=== Saved data entries ===
======

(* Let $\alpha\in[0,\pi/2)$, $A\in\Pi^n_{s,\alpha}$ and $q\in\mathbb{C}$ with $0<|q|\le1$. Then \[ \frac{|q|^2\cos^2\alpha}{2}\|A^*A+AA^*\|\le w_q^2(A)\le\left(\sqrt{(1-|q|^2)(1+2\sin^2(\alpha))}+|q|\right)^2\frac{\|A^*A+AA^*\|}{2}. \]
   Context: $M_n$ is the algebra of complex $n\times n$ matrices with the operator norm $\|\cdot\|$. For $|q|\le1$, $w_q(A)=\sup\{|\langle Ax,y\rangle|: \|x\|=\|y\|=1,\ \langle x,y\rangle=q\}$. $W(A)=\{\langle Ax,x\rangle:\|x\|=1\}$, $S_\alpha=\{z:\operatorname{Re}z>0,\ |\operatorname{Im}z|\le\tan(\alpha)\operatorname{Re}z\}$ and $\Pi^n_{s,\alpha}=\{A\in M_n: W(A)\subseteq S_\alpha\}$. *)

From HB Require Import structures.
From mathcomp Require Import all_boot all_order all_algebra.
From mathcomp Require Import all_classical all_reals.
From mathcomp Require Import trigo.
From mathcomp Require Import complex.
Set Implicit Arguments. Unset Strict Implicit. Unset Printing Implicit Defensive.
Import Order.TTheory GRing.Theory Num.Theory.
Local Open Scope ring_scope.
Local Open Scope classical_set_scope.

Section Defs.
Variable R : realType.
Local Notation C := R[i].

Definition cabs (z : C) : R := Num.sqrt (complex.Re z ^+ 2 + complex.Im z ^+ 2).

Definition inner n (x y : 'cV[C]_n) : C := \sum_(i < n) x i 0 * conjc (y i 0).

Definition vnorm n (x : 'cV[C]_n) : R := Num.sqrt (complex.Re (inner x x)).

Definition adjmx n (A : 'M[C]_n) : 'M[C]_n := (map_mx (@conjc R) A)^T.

======

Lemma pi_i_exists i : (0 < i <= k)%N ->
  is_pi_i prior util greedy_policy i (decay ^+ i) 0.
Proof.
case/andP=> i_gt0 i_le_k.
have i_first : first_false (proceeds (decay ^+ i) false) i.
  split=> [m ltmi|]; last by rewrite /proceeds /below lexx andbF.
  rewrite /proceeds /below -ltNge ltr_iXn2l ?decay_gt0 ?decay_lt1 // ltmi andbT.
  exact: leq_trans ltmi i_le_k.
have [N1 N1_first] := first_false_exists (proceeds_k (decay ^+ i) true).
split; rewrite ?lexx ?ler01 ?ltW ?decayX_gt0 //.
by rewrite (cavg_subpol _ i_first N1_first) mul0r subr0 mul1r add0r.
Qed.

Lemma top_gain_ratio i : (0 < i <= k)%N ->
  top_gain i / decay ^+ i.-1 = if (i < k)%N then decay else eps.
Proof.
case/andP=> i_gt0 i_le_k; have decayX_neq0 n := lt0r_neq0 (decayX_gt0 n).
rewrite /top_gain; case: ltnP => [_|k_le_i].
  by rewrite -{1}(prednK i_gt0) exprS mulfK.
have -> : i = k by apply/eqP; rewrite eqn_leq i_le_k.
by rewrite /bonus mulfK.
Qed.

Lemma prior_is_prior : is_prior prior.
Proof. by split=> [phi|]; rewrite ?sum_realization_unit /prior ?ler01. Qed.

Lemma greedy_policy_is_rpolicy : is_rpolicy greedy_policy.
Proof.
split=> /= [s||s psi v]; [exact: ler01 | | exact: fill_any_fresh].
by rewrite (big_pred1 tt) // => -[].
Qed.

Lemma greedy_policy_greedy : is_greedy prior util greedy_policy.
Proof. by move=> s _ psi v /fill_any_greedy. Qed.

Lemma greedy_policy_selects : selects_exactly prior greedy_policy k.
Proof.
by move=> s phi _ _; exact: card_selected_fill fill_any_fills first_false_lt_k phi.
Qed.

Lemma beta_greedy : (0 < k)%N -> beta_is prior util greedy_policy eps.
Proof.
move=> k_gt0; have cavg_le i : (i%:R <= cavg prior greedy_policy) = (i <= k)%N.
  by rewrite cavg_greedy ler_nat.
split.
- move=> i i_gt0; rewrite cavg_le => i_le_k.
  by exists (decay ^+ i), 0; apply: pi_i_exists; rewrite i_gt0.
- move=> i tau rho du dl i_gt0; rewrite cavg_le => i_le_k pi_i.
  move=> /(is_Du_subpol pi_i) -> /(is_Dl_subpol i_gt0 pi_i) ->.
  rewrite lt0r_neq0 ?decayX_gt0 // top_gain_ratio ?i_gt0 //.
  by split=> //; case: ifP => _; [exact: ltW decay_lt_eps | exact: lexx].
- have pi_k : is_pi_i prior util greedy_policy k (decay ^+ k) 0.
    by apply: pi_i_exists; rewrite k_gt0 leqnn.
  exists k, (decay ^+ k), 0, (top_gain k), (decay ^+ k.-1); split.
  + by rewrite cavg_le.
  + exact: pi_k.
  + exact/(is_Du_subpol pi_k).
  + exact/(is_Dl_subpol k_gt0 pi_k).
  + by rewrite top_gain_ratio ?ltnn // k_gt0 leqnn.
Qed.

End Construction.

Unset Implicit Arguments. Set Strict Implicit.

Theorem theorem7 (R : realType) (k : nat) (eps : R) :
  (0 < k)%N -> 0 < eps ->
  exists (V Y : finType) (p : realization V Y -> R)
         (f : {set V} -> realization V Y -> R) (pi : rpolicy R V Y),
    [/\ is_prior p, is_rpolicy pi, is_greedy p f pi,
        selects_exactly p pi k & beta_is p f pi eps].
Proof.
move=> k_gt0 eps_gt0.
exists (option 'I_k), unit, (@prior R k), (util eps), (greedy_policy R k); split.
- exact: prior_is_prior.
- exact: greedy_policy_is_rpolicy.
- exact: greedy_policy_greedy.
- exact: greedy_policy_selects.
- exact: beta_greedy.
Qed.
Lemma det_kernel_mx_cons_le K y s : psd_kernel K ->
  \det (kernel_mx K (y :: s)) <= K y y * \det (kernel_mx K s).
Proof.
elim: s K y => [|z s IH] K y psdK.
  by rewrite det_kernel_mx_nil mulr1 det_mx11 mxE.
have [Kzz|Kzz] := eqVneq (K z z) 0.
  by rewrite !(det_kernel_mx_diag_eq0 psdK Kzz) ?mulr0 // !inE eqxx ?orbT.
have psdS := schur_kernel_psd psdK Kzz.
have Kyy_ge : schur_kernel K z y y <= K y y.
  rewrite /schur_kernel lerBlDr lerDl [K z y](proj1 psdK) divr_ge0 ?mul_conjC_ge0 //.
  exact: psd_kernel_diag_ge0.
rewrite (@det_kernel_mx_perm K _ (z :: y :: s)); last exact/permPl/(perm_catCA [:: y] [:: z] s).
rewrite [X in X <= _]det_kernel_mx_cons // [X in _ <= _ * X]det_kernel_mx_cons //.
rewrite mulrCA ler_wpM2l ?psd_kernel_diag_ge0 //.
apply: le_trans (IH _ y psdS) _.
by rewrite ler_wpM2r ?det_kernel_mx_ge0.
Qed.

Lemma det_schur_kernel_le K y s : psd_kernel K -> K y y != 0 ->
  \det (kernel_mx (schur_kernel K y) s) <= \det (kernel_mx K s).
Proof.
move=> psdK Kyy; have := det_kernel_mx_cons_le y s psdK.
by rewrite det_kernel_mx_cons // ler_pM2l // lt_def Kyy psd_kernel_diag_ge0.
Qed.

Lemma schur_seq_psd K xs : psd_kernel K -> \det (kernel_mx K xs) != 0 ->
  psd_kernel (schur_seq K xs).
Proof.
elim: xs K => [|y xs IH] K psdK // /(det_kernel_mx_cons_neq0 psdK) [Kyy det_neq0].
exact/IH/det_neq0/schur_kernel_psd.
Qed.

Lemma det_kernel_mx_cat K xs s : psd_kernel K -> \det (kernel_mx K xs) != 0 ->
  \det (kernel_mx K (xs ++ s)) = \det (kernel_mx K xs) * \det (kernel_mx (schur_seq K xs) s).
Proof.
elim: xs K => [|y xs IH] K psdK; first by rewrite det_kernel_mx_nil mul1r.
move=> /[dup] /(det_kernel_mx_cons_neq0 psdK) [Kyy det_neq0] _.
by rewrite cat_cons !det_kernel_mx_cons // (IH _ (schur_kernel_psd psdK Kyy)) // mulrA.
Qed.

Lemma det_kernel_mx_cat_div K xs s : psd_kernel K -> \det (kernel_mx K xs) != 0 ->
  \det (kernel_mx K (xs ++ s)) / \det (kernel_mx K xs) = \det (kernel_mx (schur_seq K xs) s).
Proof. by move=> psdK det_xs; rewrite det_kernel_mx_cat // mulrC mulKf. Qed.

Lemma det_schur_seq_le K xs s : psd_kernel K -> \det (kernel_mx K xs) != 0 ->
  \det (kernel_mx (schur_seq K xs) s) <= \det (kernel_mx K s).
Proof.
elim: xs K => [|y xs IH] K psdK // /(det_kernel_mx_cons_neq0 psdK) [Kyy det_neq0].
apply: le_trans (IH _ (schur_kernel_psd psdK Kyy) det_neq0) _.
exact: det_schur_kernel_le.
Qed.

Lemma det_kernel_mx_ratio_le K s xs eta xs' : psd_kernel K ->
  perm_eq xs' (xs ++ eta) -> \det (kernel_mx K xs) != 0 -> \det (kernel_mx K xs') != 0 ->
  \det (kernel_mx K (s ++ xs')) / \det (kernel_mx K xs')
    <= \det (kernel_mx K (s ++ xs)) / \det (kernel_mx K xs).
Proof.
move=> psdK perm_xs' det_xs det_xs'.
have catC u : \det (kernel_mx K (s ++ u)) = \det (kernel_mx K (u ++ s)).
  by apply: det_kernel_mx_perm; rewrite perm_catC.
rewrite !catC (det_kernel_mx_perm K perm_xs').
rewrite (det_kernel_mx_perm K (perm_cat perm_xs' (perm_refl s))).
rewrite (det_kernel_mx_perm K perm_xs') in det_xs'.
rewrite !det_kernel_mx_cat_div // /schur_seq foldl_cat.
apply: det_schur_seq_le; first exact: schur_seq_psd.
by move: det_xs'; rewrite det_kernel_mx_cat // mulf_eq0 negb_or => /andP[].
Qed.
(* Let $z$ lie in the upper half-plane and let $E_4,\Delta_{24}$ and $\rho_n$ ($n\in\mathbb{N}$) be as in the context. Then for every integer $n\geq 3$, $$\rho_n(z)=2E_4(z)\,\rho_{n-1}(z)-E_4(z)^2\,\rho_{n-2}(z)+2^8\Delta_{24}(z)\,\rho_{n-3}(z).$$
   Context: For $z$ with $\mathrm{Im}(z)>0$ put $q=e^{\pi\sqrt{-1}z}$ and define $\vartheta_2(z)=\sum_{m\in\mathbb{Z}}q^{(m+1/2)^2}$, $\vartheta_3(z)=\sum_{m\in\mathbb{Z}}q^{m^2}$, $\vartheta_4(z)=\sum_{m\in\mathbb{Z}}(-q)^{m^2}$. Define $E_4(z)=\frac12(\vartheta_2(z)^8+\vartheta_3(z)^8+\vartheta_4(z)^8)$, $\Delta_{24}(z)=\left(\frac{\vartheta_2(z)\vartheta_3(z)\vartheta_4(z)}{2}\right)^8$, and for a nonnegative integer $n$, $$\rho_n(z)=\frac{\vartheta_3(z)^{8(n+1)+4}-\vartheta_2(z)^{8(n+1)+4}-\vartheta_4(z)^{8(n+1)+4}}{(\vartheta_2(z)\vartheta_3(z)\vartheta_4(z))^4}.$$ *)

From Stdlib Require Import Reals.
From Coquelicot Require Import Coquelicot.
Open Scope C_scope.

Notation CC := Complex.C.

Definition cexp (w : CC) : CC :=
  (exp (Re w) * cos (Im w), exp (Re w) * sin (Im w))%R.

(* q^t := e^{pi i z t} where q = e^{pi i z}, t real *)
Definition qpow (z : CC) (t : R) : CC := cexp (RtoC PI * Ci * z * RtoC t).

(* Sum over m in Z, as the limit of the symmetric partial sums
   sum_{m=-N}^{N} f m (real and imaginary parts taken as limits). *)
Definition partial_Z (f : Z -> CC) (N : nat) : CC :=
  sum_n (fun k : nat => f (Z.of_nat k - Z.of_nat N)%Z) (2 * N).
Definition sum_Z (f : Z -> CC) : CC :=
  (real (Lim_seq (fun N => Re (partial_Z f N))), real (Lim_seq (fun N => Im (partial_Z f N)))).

======

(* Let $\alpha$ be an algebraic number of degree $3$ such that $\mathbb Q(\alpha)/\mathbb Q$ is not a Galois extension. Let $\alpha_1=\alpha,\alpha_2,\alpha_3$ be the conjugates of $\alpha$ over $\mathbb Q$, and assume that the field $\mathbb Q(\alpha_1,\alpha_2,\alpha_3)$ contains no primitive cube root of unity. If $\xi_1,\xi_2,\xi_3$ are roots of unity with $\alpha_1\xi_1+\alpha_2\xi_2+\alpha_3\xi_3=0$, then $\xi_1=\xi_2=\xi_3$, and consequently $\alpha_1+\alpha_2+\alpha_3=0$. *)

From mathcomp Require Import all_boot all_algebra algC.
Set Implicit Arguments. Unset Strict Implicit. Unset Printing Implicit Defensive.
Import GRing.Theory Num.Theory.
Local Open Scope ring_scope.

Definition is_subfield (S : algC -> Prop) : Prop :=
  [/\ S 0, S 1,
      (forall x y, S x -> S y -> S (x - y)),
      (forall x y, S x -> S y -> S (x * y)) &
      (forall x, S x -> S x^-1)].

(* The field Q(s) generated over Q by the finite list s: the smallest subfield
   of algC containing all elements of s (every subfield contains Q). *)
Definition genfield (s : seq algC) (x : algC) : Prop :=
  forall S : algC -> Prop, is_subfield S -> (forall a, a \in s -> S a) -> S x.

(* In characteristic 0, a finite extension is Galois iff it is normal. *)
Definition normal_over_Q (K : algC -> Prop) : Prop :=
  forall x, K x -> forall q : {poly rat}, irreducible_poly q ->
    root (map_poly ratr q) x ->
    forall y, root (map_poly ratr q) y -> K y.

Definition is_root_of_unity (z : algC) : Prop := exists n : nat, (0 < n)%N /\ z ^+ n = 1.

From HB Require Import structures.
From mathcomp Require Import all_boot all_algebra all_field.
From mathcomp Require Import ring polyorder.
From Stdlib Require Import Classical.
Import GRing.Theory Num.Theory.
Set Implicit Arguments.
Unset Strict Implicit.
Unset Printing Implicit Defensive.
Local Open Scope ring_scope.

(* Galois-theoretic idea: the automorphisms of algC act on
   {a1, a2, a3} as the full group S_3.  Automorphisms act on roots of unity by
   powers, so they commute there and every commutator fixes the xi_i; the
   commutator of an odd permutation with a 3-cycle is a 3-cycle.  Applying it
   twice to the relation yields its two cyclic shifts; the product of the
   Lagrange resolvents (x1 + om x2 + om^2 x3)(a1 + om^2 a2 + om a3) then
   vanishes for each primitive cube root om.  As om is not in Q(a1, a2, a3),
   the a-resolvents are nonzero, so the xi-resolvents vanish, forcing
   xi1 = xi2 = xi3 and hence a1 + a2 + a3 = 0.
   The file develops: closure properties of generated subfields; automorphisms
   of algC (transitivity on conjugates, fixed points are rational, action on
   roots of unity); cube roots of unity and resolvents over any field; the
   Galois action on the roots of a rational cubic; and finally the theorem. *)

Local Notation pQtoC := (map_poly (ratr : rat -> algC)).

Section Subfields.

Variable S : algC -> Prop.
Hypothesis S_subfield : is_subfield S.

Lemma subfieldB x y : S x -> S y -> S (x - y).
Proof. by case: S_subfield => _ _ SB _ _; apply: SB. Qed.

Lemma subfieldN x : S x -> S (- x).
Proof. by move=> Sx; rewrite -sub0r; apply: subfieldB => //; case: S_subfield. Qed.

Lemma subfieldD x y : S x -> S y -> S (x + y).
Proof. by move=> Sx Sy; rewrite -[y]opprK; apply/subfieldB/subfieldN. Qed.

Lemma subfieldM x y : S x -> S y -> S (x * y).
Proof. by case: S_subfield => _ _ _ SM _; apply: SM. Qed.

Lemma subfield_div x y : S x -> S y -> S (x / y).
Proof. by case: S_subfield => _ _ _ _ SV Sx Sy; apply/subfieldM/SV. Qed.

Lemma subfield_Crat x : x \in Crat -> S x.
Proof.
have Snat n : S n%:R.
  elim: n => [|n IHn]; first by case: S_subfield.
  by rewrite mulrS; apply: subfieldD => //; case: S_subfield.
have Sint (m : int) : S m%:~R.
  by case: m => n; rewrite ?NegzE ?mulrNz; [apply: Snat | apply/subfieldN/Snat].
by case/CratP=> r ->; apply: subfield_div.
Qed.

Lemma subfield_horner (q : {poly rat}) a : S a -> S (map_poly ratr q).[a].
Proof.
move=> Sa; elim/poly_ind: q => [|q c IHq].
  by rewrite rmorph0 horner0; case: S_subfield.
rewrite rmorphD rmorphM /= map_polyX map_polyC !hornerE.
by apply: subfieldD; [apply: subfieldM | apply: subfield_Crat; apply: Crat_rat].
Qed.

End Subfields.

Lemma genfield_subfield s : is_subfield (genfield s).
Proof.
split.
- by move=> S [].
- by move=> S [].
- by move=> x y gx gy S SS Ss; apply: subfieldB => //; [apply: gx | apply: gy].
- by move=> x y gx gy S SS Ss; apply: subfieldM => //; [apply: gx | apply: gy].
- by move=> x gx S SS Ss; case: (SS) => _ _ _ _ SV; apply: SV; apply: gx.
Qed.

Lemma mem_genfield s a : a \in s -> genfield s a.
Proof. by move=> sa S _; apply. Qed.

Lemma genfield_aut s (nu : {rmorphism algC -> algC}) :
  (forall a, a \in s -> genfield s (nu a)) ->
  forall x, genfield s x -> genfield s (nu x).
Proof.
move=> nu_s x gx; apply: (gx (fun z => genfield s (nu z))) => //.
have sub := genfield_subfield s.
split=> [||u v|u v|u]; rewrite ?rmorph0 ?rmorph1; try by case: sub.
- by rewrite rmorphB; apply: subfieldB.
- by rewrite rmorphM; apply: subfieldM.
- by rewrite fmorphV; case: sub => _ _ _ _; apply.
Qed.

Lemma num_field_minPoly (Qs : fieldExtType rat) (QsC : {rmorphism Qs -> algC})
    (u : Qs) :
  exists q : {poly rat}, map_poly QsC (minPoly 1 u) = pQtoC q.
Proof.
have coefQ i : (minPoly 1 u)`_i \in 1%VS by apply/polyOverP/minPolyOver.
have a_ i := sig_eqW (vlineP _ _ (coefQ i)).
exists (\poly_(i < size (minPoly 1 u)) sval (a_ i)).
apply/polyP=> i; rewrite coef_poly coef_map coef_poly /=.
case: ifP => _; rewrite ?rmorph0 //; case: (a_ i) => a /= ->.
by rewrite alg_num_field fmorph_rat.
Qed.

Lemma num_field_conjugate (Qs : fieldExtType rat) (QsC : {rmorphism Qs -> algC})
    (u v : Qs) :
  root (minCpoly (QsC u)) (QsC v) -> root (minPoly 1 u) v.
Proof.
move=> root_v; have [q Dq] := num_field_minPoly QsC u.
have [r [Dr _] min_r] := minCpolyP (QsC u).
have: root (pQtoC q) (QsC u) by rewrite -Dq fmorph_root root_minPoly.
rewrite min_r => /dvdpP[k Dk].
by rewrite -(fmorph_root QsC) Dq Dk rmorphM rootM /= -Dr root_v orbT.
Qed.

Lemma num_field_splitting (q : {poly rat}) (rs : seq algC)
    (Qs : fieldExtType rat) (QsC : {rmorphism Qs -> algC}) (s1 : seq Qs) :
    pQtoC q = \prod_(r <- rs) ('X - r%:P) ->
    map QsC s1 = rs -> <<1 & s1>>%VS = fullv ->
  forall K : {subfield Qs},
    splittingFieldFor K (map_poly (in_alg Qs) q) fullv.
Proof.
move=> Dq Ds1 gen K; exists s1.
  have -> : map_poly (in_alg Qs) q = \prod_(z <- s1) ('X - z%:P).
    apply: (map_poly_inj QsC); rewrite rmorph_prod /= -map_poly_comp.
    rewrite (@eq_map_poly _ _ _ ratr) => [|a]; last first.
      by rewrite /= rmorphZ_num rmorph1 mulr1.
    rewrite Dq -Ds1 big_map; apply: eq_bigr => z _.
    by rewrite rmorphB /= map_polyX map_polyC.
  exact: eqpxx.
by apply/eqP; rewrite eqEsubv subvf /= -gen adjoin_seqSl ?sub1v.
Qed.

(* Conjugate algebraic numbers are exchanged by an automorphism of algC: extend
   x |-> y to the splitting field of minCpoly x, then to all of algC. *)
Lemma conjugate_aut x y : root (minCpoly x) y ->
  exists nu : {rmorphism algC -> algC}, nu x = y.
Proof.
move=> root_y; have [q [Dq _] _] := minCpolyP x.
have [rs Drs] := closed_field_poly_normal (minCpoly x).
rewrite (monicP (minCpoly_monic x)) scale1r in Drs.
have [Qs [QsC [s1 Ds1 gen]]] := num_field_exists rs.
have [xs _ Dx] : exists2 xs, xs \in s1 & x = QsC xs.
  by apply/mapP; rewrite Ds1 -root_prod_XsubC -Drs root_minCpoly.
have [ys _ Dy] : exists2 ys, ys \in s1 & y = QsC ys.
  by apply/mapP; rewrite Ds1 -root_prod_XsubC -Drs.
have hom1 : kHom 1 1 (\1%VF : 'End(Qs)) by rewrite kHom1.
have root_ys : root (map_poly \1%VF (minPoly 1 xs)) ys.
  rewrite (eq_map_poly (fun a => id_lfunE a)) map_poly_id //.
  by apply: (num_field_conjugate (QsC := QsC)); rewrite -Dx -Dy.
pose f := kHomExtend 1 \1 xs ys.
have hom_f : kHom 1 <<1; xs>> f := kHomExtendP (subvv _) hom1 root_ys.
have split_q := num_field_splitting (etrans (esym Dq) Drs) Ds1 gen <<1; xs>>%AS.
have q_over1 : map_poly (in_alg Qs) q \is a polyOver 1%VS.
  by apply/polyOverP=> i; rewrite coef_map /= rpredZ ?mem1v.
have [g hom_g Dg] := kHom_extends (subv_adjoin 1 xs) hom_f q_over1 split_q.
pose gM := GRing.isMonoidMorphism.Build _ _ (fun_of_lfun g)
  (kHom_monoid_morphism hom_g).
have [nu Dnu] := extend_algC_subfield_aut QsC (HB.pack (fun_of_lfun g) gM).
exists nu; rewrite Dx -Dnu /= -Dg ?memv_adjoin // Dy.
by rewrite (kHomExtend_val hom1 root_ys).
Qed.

======

=== Action item ===
Write out exactly the lines above between the line with "End Construction." and the line with "have Kyy_ge : schur_kernel K z y y <= K y y.", inclusive, and nothing beyond them.

=== Answer to the exercise ===
End Construction.

Unset Implicit Arguments. Set Strict Implicit.

Theorem theorem7 (R : realType) (k : nat) (eps : R) :
  (0 < k)%N -> 0 < eps ->
  exists (V Y : finType) (p : realization V Y -> R)
         (f : {set V} -> realization V Y -> R) (pi : rpolicy R V Y),
    [/\ is_prior p, is_rpolicy pi, is_greedy p f pi,
        selects_exactly p pi k & beta_is p f pi eps].
Proof.
move=> k_gt0 eps_gt0.
exists (option 'I_k), unit, (@prior R k), (util eps), (greedy_policy R k); split.
- exact: prior_is_prior.
- exact: greedy_policy_is_rpolicy.
- exact: greedy_policy_greedy.
- exact: greedy_policy_selects.
- exact: beta_greedy.
Qed.
Lemma det_kernel_mx_cons_le K y s : psd_kernel K ->
  \det (kernel_mx K (y :: s)) <= K y y * \det (kernel_mx K s).
Proof.
elim: s K y => [|z s IH] K y psdK.
  by rewrite det_kernel_mx_nil mulr1 det_mx11 mxE.
have [Kzz|Kzz] := eqVneq (K z z) 0.
  by rewrite !(det_kernel_mx_diag_eq0 psdK Kzz) ?mulr0 // !inE eqxx ?orbT.
have psdS := schur_kernel_psd psdK Kzz.
have Kyy_ge : schur_kernel K z y y <= K y y.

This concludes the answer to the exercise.